(* Let $\mathcal{P}$ be a grid polyomino, $I_{\mathcal{P}}$ its polyomino ideal and $J_{\mathcal{P}}$ its toric ideal. Then $I_{\mathcal{P}}=J_{\mathcal{P}}$.
   Context: A cell is $[a,a+(1,1)]$, $a\in\mathbb{N}^2$, with vertices $a,a+(1,0),a+(0,1),a+(1,1)$; a polyomino is a finite nonempty set of cells, any two joined by a sequence of cells in it with consecutive ones sharing an edge; $V(\mathcal{P})$ is the set of vertices of its cells; $S=\mathbb{K}[x_v\mid v\in V(\mathcal{P})]$, $\mathbb{K}$ a field. For $a\le b$ componentwise, $[a,b]=\{(p,q): a_1\le p\le b_1, a_2\le q\le b_2\}$; if $a_1<b_1$, $a_2<b_2$ it has diagonal corners $a,b$ and anti-diagonal corners $c=(a_1,b_2)$, $d=(b_1,a_2)$, and is an inner interval of $\mathcal{P}$ if all its cells lie in $\mathcal{P}$. $I_{\mathcal{P}}$ is generated by all $x_ax_b-x_cx_d$ for inner intervals $[a,b]$. Grid polyomino: let $m,n\ge1$, $r,s\ge1$, and for $i\in[r]$, $j\in[s]$ let $a_{ij},b_{ij}\in\mathbb{N}^2$ with $1<(a_{ij})_1<(b_{ij})_1<m$, $1<(a_{ij})_2<(b_{ij})_2<n$, such that (1) for each $i$, $(a_{i\ell})_1=(a_{ik})_1$ and $(b_{i\ell})_1=(b_{ik})_1$ for all $\ell,k\in[s]$; (2) for each $j$, $(a_{\ell j})_2=(a_{kj})_2$ and $(b_{\ell j})_2=(b_{kj})_2$ for all $\ell,k\in[r]$; (3) $(a_{i+1,j})_1=(b_{ij})_1+1$ for $i\in[r-1]$ and $(a_{i,j+1})_2=(b_{ij})_2+1$ for $j\in[s-1]$. The grid polyomino $\mathcal{P}$ is the set of cells of $[(1,1),(m,n)]$ not contained in any $[a_{ij},b_{ij}]$; its holes are the sets of cells of the $[a_{ij},b_{ij}]$, with lower left corners $a_{ij}$. Toric ideal: $\mathcal{F}_{i,j}=\{(x,y)\in V(\mathcal{P}): x\le(a_{ij})_1,\ y\le(a_{ij})_2\}$. A horizontal edge interval is a set $\{(t,y):p\le t\le q\}$ with each $\{(t,y),(t+1,y)\}$, $p\le t<q$, an edge of a cell of $\mathcal{P}$; maximal if not strictly contained in another; vertical analogously. Each $a\in V(\mathcal{P})$ lies in a unique maximal horizontal edge interval $H(a)$ and maximal vertical one $V(a)$. With variables $h_H,v_V$ for maximal edge intervals and $w_{i,j}$, define $\varphi:S\to\mathbb{K}[h_H,v_V,w_{i,j}]$, $\varphi(x_a)=h_{H(a)}v_{V(a)}\prod_{(i,j):a\in\mathcal{F}_{i,j}}w_{i,j}$; $J_{\mathcal{P}}=\ker\varphi$. *)

From HB Require Import structures.
From mathcomp Require Import all_boot all_order all_algebra.
From mathcomp Require Import mpoly.
Set Implicit Arguments. Unset Strict Implicit. Unset Printing Implicit Defensive.
Import GRing.Theory.

(* Lattice points are encoded in the box [0,M] x [0,N]; a cell is encoded by
   its lower-left corner (x,y), i.e. the cell [(x,y),(x+1,y+1)]. *)

Section Polyomino.
Variables (K : fieldType) (M N : nat) (cell : nat -> nat -> bool).

Definition pt := ('I_M.+1 * 'I_N.+1)%type.
Definition cx (v : pt) : nat := v.1.
Definition cy (v : pt) : nat := v.2.

Definition is_vertex (v : pt) : bool :=
  [exists c : pt, [&& cell (cx c) (cy c),
     cx c <= cx v <= (cx c).+1 & cy c <= cy v <= (cy c).+1]].

Definition vtx := {v : pt | is_vertex v}.

Definition Sring := {mpoly K[#|{: vtx}|]}.
Definition xv (v : vtx) : Sring := 'X_(enum_rank v).

Definition inner (a b : pt) : bool :=
  [&& cx a < cx b, cy a < cy b &
   [forall c : pt, ((cx a <= cx c < cx b) && (cy a <= cy c < cy b))
                     ==> cell (cx c) (cy c)]].

Definition inner_binom (p : Sring) : Prop :=
  exists a b c d : vtx,
    [/\ inner (val a) (val b),
        cx (val c) = cx (val a) /\ cy (val c) = cy (val b),
        cx (val d) = cx (val b) /\ cy (val d) = cy (val a) &
        (p = xv a * xv b - xv c * xv d)%R].

Definition ideal_gen (R : comNzRingType) (G : R -> Prop) (p : R) : Prop :=
  exists s : seq (R * R), (forall q, q \in s -> G q.2) /\
                         (p = \sum_(q <- s) (q.1 * q.2))%R.

Definition polyomino_ideal (p : Sring) : Prop := ideal_gen inner_binom p.

(* {(t,y),(t+1,y)} is an edge of a cell of P *)
Definition hedge (t y : nat) : bool := cell t y || ((0 < y) && cell t y.-1).
(* {(x,t),(x,t+1)} is an edge of a cell of P *)
Definition vedge (x t : nat) : bool := cell x t || ((0 < x) && cell x.-1 t).

Definition is_hint (H : {set pt}) : bool :=
  [exists p : 'I_M.+1, exists q : 'I_M.+1, exists y : 'I_N.+1,
    [&& p <= q,
        H == [set v : pt | (cy v == y) && (p <= cx v <= q)] &
        [forall t : 'I_M.+1, (p <= t < q) ==> hedge t y]]].

Definition is_vint (V : {set pt}) : bool :=
  [exists p : 'I_N.+1, exists q : 'I_N.+1, exists x : 'I_M.+1,
    [&& p <= q,
        V == [set v : pt | (cx v == x) && (p <= cy v <= q)] &
        [forall t : 'I_N.+1, (p <= t < q) ==> vedge x t]]].

Definition is_maxh (H : {set pt}) : bool :=
  is_hint H && [forall H' : {set pt}, is_hint H' ==> ~~ (H \proper H')].
Definition is_maxv (V : {set pt}) : bool :=
  is_vint V && [forall V' : {set pt}, is_vint V' ==> ~~ (V \proper V')].

(* H(a), V(a): the (unique) maximal edge intervals containing a *)
Definition Hof (a : pt) : {set pt} :=
  odflt set0 [pick H : {set pt} | is_maxh H && (a \in H)].
Definition Vof (a : pt) : {set pt} :=
  odflt set0 [pick V : {set pt} | is_maxv V && (a \in V)].

(* the w-variables are indexed by a finite type I, and inF i a says a \in F_i *)
Variables (I : finType) (inF : I -> pt -> bool).

(* target variables: h_H (H a set of points), v_V, w_i *)
Definition tvar := ({set pt} + {set pt} + I)%type.
Definition Tring := {mpoly K[#|{: tvar}|]}.
Definition yv (t : tvar) : Tring := 'X_(enum_rank t).

Definition phi_x (v : vtx) : Tring :=
  (yv (inl (inl (Hof (val v)))) * yv (inl (inr (Vof (val v)))) *
   \prod_(i | inF i (val v)) yv (inr i))%R.

Definition phi (p : Sring) : Tring :=
  mmap (fun c : K => (c%:MP)%R) (fun i => phi_x (enum_val i)) p.

Definition toric_ideal (p : Sring) : Prop := phi p = 0%R.

End Polyomino.

(* Grid polyomino data: holes [a i j, b i j], i < r, j < s (0-based indices). *)
Definition is_grid (m n r s : nat) (a b : 'I_r -> 'I_s -> (nat * nat)) : Prop :=
  [/\ (1 <= m /\ 1 <= n) /\ (1 <= r /\ 1 <= s),
      (forall i j, [/\ 1 < (a i j).1, (a i j).1 < (b i j).1 & (b i j).1 < m] /\
                   [/\ 1 < (a i j).2, (a i j).2 < (b i j).2 & (b i j).2 < n]),
      (forall i l k, (a i l).1 = (a i k).1 /\ (b i l).1 = (b i k).1),
      (forall j l k, (a l j).2 = (a k j).2 /\ (b l j).2 = (b k j).2) &
      (forall (i i' : 'I_r) (j : 'I_s), val i' = (val i).+1 ->
          (a i' j).1 = (b i j).1 + 1) /\
      (forall (i : 'I_r) (j j' : 'I_s), val j' = (val j).+1 ->
          (a i j').2 = (b i j).2 + 1)].

Definition grid_cell (m n r s : nat) (a b : 'I_r -> 'I_s -> (nat * nat))
  (x y : nat) : bool :=
  [&& 1 <= x, x.+1 <= m, 1 <= y, y.+1 <= n &
      ~~ [exists i : 'I_r, exists j : 'I_s,
            [&& (a i j).1 <= x, x.+1 <= (b i j).1,
                (a i j).2 <= y & y.+1 <= (b i j).2]]].

Definition grid_inF (m n r s : nat) (a : 'I_r -> 'I_s -> (nat * nat))
  (ij : 'I_r * 'I_s) (v : pt m n) : bool :=
  (cx v <= (a ij.1 ij.2).1) && (cy v <= (a ij.1 ij.2).2).

From mathcomp Require Import all_boot all_order all_algebra.
From mathcomp Require Import mpoly.
From mathcomp Require Import zify.
Set Implicit Arguments. Unset Strict Implicit. Unset Printing Implicit Defensive.
Import GRing.Theory.

(* I_P is contained in J_P because phi sends both monomials of an inner-interval
   binomial to the same monomial: the diagonal and the anti-diagonal corners lie on the
   same maximal edge intervals, and for a grid polyomino no quadrant F_{i,j} separates them.
   Conversely, a binomial of I_P trades the anti-diagonal corners of an inner interval for
   its diagonal ones, which strictly increases the sum of x*y over the monomial; so every
   monomial is congruent modulo I_P to a reduced one with the same image, and it suffices
   that phi is injective on reduced monomials.  For a grid polyomino, two reduced monomials
   with equal images share their lexicographically least variable: vertical intervals force
   the same column, and a lower vertex of the same column in the second monomial would,
   through its maximal edge intervals and reducedness of the first, exhibit a hole whose
   neighbouring quadrant variable w divides the second image but not the first.  Cancelling
   the common variable, induction on the degree concludes. *)

Section MaximalSets.
Variables (T : finType) (Q : pred {set T}).

Definition maximal (A : {set T}) : bool :=
  Q A && [forall B : {set T}, Q B ==> ~~ (A \proper B)].

Definition max_around (w : T) : {set T} :=
  odflt set0 [pick A : {set T} | maximal A && (w \in A)].

Hypothesis Q_overlap_union : forall (A B : {set T}) w,
  Q A -> Q B -> w \in A -> w \in B -> Q (A :|: B).
Hypothesis Q_cover : forall w, exists A, Q A && (w \in A).

Lemma maximal_absorb (A B : {set T}) w :
  maximal A -> Q B -> w \in A -> w \in B -> B \subset A.
Proof.
case/andP=> QA /forallP maxA QB wA wB.
have := maxA (A :|: B); rewrite (Q_overlap_union QA QB wA wB) /=.
by rewrite properEneq subsetUl andbT negbK eq_sym => /eqP/setUidPl.
Qed.

Lemma maximal_uniq (A B : {set T}) w :
  maximal A -> maximal B -> w \in A -> w \in B -> A = B.
Proof.
move=> mA mB wA wB; apply/eqP; rewrite eqEsubset.
have [QA QB] := (proj1 (andP mA), proj1 (andP mB)).
by rewrite (maximal_absorb mB QA wB wA) (maximal_absorb mA QB wA wB).
Qed.

Lemma max_aroundP w : maximal (max_around w) && (w \in max_around w).
Proof.
rewrite /max_around; case: pickP => [A //|no_max]; exfalso.
have [A0 QA0] := Q_cover w.
have [A /andP [QA wA] maxA] :=
  @arg_maxnP _ A0 (fun A => Q A && (w \in A)) (fun A => #|A|) QA0.
move: (no_max A); rewrite wA andbT /maximal QA /=; move/negP; apply.
apply/forallP => B; apply/implyP => QB; apply/negP => ltAB.
have wB : w \in B by apply: subsetP (proper_sub ltAB) w wA.
have /= le_BA := maxA B (introT andP (conj QB wB)).
by have := proper_card ltAB; rewrite ltnNge le_BA.
Qed.

Lemma max_around_eq s t :
  max_around s = max_around t <-> exists2 A, Q A & (s \in A) && (t \in A).
Proof.
have /andP [ms sA] := max_aroundP s; have /andP [mt tA] := max_aroundP t.
split=> [eq_st | [A QA /andP [sA' tA']]].
  by exists (max_around s); [case/andP: ms | rewrite sA eq_st tA].
have tS : t \in max_around s by apply: subsetP (maximal_absorb ms QA sA sA') t tA'.
exact: maximal_uniq ms mt tS tA.
Qed.

End MaximalSets.

Section EdgeIntervals.
Variables (M N : nat) (cell : nat -> nat -> bool).
Local Notation pt := (pt M N).

Definition hseg (y p q : nat) : {set pt} :=
  [set v : pt | (cy v == y) && (p <= cx v <= q)].
Definition vseg (x p q : nat) : {set pt} :=
  [set v : pt | (cx v == x) && (p <= cy v <= q)].

Lemma cx_le (v : pt) : cx v <= M.
Proof. by rewrite -ltnS ltn_ord. Qed.
Lemma cy_le (v : pt) : cy v <= N.
Proof. by rewrite -ltnS ltn_ord. Qed.

Lemma is_hintP (H : {set pt}) :
  is_hint cell H <-> exists p q y, [/\ p <= q <= M, y <= N, H = hseg y p q &
                                     forall t, p <= t < q -> hedge cell t y].
Proof.
split.
  case/existsP=> p /existsP [q /existsP [y /and3P [pq /eqP -> /forallP edges]]].
  exists p, q, y; split=> [||//|t tpq].
  - by rewrite pq -ltnS ltn_ord.
  - by rewrite -ltnS ltn_ord.
  have tM : t < M.+1 by have := ltn_ord q; lia.
  by have := edges (Ordinal tM); rewrite /= tpq.
case=> p [q [y [pqM yN -> edges]]].
have pM : p < M.+1 by lia.
have qM : q < M.+1 by lia.
have yN' : y < N.+1 by lia.
apply/existsP; exists (Ordinal pM); apply/existsP; exists (Ordinal qM).
apply/existsP; exists (Ordinal yN'); rewrite /= eqxx /=; apply/andP; split; first lia.
by apply/forallP => t; apply/implyP => /edges.
Qed.

Lemma is_vintP (V : {set pt}) :
  is_vint cell V <-> exists p q x, [/\ p <= q <= N, x <= M, V = vseg x p q &
                                     forall t, p <= t < q -> vedge cell x t].
Proof.
split.
  case/existsP=> p /existsP [q /existsP [x /and3P [pq /eqP -> /forallP edges]]].
  exists p, q, x; split=> [||//|t tpq].
  - by rewrite pq -ltnS ltn_ord.
  - by rewrite -ltnS ltn_ord.
  have tN : t < N.+1 by have := ltn_ord q; lia.
  by have := edges (Ordinal tN); rewrite /= tpq.
case=> p [q [x [pqN xM -> edges]]].
have pN : p < N.+1 by lia.
have qN : q < N.+1 by lia.
have xM' : x < M.+1 by lia.
apply/existsP; exists (Ordinal pN); apply/existsP; exists (Ordinal qN).
apply/existsP; exists (Ordinal xM'); rewrite /= eqxx /=; apply/andP; split; first lia.
by apply/forallP => t; apply/implyP => /edges.
Qed.

Lemma hint_overlap_union (A B : {set pt}) w :
  is_hint cell A -> is_hint cell B -> w \in A -> w \in B -> is_hint cell (A :|: B).
Proof.
case/is_hintP=> p1 [q1 [y1 [pq1 _ -> edges1]]].
case/is_hintP=> p2 [q2 [y2 [pq2 yN -> edges2]]].
rewrite !inE => /andP [/eqP wy1 w1] /andP [/eqP wy2 w2].
apply/is_hintP; exists (minn p1 p2), (maxn q1 q2), y1; split=> [||/=|t t12]; try lia.
  by apply/setP => v; rewrite !inE; apply/idP/idP; lia.
have [tw|wt] := ltnP t (cx w).
  have [p1t|tp1] := leqP p1 t; first by apply: edges1; lia.
  by rewrite -wy1 wy2; apply: edges2; lia.
have [tq1|q1t] := ltnP t q1; first by apply: edges1; lia.
by rewrite -wy1 wy2; apply: edges2; lia.
Qed.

════════════════════

▸ DIRECTIONS
Starting at the line above that contains "(a i j).2 <= y", repeat each line exactly up to and including the line that contains "through its maximal", and stop there.

▸ TASK SOLUTION
                (a i j).2 <= y & y.+1 <= (b i j).2]]].

Definition grid_inF (m n r s : nat) (a : 'I_r -> 'I_s -> (nat * nat))
  (ij : 'I_r * 'I_s) (v : pt m n) : bool :=
  (cx v <= (a ij.1 ij.2).1) && (cy v <= (a ij.1 ij.2).2).

From mathcomp Require Import all_boot all_order all_algebra.
From mathcomp Require Import mpoly.
From mathcomp Require Import zify.
Set Implicit Arguments. Unset Strict Implicit. Unset Printing Implicit Defensive.
Import GRing.Theory.

(* I_P is contained in J_P because phi sends both monomials of an inner-interval
   binomial to the same monomial: the diagonal and the anti-diagonal corners lie on the
   same maximal edge intervals, and for a grid polyomino no quadrant F_{i,j} separates them.
   Conversely, a binomial of I_P trades the anti-diagonal corners of an inner interval for
   its diagonal ones, which strictly increases the sum of x*y over the monomial; so every
   monomial is congruent modulo I_P to a reduced one with the same image, and it suffices
   that phi is injective on reduced monomials.  For a grid polyomino, two reduced monomials
   with equal images share their lexicographically least variable: vertical intervals force
   the same column, and a lower vertex of the same column in the second monomial would,
   through its maximal edge intervals and reducedness of the first, exhibit a hole whose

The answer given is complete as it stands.